Exercise requirements = Repeat exactly, and only, the lines of the entries below from the one with "Lemma cadlag_bounded f" through the one with "intros Hab He Hc.", both ends included.

Supplied records =
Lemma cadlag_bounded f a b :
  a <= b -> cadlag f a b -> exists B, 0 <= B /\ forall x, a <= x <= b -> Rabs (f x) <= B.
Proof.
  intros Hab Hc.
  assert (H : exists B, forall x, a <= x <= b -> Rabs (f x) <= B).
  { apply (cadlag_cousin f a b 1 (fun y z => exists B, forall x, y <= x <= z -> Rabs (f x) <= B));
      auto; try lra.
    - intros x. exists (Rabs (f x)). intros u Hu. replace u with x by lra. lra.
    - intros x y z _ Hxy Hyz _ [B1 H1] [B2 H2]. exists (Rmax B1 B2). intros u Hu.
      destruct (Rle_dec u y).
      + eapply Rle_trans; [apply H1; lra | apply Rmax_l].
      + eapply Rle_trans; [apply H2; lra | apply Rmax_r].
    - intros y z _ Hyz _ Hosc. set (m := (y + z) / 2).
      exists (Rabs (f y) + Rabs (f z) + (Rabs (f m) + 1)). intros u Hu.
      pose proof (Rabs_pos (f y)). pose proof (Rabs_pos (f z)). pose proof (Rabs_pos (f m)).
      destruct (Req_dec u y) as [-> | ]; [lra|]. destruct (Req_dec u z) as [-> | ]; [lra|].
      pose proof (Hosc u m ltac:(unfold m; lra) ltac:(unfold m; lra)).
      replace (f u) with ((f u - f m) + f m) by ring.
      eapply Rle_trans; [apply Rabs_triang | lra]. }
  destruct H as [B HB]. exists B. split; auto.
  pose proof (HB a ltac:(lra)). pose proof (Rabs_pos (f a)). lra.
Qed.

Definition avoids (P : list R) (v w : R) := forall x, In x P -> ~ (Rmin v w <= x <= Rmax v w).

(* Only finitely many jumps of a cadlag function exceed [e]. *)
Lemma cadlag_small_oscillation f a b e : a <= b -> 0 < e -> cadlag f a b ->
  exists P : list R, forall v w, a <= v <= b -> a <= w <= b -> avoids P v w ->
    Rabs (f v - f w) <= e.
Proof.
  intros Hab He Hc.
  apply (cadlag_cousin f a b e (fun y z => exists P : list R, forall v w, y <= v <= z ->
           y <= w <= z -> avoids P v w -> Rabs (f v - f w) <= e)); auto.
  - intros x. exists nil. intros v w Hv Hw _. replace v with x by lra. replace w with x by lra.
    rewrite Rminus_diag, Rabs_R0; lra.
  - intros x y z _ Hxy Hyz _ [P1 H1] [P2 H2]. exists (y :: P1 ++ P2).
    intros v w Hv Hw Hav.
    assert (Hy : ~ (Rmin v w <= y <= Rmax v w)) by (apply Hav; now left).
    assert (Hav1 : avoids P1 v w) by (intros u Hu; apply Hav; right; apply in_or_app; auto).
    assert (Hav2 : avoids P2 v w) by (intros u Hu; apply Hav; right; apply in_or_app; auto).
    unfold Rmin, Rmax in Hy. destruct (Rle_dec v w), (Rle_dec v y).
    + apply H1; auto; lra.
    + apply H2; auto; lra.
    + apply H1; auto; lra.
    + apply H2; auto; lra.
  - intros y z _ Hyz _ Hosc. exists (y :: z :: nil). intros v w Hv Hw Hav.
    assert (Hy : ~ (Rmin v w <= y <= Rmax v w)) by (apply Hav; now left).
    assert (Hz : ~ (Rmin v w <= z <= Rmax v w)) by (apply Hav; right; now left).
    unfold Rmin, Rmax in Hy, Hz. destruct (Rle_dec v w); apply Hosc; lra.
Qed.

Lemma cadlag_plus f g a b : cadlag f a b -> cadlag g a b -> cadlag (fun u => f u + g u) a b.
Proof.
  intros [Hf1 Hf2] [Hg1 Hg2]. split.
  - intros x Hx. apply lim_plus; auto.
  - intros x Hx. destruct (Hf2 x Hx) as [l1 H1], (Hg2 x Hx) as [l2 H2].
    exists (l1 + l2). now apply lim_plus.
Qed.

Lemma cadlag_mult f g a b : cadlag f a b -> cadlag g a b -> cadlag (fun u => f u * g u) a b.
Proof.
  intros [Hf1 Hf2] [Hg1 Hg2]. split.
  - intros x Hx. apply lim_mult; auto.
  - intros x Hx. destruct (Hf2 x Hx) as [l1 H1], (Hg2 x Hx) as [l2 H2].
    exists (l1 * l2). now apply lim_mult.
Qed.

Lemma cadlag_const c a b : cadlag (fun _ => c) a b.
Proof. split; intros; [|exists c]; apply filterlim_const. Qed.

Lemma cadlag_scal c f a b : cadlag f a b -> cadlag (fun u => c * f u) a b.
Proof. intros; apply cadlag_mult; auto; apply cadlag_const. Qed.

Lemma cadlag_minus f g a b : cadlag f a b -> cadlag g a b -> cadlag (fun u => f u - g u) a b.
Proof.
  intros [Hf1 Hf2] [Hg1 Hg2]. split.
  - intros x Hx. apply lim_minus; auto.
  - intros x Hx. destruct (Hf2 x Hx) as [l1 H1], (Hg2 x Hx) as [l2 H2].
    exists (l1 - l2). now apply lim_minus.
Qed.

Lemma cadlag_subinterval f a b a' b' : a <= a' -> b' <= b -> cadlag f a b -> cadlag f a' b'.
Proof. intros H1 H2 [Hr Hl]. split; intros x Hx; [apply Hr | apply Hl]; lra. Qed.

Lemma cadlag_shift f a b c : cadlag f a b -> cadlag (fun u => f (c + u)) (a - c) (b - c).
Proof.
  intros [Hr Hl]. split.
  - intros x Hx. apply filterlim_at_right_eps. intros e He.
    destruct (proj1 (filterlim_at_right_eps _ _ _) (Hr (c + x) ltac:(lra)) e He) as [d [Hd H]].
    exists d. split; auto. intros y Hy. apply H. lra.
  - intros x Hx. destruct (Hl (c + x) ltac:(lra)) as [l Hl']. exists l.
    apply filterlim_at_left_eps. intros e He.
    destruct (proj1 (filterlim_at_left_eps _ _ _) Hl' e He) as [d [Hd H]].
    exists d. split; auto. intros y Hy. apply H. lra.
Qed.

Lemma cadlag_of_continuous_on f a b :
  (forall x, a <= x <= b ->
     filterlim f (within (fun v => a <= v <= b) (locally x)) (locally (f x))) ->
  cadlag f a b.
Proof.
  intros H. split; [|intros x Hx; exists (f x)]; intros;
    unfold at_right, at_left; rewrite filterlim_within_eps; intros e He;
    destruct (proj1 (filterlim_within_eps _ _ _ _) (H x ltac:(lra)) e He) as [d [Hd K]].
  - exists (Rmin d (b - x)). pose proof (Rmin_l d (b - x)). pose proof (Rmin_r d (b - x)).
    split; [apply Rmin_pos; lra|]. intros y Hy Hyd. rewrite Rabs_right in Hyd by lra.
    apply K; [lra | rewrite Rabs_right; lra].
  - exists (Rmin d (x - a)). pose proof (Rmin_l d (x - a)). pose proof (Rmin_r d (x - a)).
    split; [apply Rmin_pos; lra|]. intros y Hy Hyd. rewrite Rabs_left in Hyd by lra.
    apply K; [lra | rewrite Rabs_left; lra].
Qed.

==

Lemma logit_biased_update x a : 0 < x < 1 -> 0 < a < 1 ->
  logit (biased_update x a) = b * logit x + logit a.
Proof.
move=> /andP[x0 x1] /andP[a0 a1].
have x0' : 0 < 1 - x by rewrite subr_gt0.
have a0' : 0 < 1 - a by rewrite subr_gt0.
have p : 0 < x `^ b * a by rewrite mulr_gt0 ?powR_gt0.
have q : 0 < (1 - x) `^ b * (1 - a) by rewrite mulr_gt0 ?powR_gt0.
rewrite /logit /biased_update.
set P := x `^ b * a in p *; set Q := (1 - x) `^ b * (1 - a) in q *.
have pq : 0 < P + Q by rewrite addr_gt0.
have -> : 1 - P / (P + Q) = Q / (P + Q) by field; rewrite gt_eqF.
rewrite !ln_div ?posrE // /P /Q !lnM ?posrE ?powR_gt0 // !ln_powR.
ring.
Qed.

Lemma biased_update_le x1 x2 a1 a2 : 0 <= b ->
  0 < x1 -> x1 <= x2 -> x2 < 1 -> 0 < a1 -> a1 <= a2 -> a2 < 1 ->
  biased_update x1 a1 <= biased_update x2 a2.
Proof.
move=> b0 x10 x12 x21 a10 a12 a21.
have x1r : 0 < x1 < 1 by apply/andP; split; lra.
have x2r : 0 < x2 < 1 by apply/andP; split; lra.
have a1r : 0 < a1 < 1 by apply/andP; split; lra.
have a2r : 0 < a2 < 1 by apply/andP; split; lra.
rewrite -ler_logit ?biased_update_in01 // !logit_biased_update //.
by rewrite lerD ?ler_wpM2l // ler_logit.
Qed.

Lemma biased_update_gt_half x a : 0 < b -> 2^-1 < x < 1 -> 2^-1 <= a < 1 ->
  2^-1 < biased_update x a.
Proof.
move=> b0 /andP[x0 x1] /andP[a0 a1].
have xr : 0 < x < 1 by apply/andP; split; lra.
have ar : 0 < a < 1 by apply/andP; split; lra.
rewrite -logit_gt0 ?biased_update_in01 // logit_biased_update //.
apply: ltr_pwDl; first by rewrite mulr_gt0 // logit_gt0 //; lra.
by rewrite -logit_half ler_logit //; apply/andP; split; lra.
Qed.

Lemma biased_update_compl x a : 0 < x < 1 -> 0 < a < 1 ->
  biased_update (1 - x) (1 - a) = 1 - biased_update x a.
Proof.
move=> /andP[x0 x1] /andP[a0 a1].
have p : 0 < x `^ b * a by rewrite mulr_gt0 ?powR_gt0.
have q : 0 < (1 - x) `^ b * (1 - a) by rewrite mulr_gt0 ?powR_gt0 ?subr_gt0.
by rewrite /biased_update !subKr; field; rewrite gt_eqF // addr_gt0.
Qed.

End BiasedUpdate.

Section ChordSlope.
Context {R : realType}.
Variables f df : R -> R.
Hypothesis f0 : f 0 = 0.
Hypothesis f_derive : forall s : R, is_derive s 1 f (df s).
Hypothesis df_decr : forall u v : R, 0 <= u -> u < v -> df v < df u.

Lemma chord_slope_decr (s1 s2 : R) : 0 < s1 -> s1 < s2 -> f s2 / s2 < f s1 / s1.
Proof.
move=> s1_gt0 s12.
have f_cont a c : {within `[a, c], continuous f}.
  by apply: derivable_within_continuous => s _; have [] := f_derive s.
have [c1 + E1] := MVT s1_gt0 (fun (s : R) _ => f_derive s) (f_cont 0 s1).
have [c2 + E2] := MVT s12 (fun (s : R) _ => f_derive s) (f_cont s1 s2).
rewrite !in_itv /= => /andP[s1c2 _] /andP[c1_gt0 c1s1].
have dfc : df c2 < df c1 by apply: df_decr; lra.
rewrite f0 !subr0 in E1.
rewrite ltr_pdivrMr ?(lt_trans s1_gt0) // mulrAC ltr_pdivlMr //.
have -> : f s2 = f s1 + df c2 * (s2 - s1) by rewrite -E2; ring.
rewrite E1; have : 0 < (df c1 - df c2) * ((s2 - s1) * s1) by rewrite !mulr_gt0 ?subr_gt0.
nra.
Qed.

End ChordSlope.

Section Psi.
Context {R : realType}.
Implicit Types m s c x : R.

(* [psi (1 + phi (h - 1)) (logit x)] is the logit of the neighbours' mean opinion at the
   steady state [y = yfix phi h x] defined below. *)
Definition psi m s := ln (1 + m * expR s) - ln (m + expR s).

...

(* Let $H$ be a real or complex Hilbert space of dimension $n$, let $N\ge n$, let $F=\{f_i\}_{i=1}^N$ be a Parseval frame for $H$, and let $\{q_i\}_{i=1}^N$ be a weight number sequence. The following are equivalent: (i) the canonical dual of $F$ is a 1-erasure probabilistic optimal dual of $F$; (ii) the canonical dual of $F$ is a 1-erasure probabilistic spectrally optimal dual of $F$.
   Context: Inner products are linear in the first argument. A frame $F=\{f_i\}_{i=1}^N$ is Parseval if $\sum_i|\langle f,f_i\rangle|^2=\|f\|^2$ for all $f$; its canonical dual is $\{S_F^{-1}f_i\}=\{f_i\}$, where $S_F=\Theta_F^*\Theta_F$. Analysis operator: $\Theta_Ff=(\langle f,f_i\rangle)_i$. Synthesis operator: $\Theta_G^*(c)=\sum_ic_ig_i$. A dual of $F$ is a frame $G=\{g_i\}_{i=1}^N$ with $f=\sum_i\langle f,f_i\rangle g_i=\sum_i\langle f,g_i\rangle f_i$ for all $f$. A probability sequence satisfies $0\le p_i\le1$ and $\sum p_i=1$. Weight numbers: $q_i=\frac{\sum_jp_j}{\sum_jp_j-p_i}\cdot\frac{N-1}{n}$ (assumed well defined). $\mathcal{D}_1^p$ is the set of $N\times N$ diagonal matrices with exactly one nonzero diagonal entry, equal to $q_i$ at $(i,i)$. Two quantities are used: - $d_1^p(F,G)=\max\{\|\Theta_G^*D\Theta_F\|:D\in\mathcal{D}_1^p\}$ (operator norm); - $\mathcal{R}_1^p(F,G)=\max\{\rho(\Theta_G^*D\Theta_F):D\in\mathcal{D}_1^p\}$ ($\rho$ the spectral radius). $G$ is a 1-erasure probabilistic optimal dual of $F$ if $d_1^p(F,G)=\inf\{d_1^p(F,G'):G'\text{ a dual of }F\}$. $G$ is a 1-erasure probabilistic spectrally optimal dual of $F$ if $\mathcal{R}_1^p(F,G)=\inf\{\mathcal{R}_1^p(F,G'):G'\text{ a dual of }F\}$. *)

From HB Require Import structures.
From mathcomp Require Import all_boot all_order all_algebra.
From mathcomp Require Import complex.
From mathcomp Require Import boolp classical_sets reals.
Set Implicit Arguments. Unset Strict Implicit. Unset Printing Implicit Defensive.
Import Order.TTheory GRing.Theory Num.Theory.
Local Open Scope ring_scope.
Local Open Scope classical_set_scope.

Completed task =
Lemma cadlag_bounded f a b :
  a <= b -> cadlag f a b -> exists B, 0 <= B /\ forall x, a <= x <= b -> Rabs (f x) <= B.
Proof.
  intros Hab Hc.
  assert (H : exists B, forall x, a <= x <= b -> Rabs (f x) <= B).
  { apply (cadlag_cousin f a b 1 (fun y z => exists B, forall x, y <= x <= z -> Rabs (f x) <= B));
      auto; try lra.
    - intros x. exists (Rabs (f x)). intros u Hu. replace u with x by lra. lra.
    - intros x y z _ Hxy Hyz _ [B1 H1] [B2 H2]. exists (Rmax B1 B2). intros u Hu.
      destruct (Rle_dec u y).
      + eapply Rle_trans; [apply H1; lra | apply Rmax_l].
      + eapply Rle_trans; [apply H2; lra | apply Rmax_r].
    - intros y z _ Hyz _ Hosc. set (m := (y + z) / 2).
      exists (Rabs (f y) + Rabs (f z) + (Rabs (f m) + 1)). intros u Hu.
      pose proof (Rabs_pos (f y)). pose proof (Rabs_pos (f z)). pose proof (Rabs_pos (f m)).
      destruct (Req_dec u y) as [-> | ]; [lra|]. destruct (Req_dec u z) as [-> | ]; [lra|].
      pose proof (Hosc u m ltac:(unfold m; lra) ltac:(unfold m; lra)).
      replace (f u) with ((f u - f m) + f m) by ring.
      eapply Rle_trans; [apply Rabs_triang | lra]. }
  destruct H as [B HB]. exists B. split; auto.
  pose proof (HB a ltac:(lra)). pose proof (Rabs_pos (f a)). lra.
Qed.

Definition avoids (P : list R) (v w : R) := forall x, In x P -> ~ (Rmin v w <= x <= Rmax v w).

(* Only finitely many jumps of a cadlag function exceed [e]. *)
Lemma cadlag_small_oscillation f a b e : a <= b -> 0 < e -> cadlag f a b ->
  exists P : list R, forall v w, a <= v <= b -> a <= w <= b -> avoids P v w ->
    Rabs (f v - f w) <= e.
Proof.
  intros Hab He Hc.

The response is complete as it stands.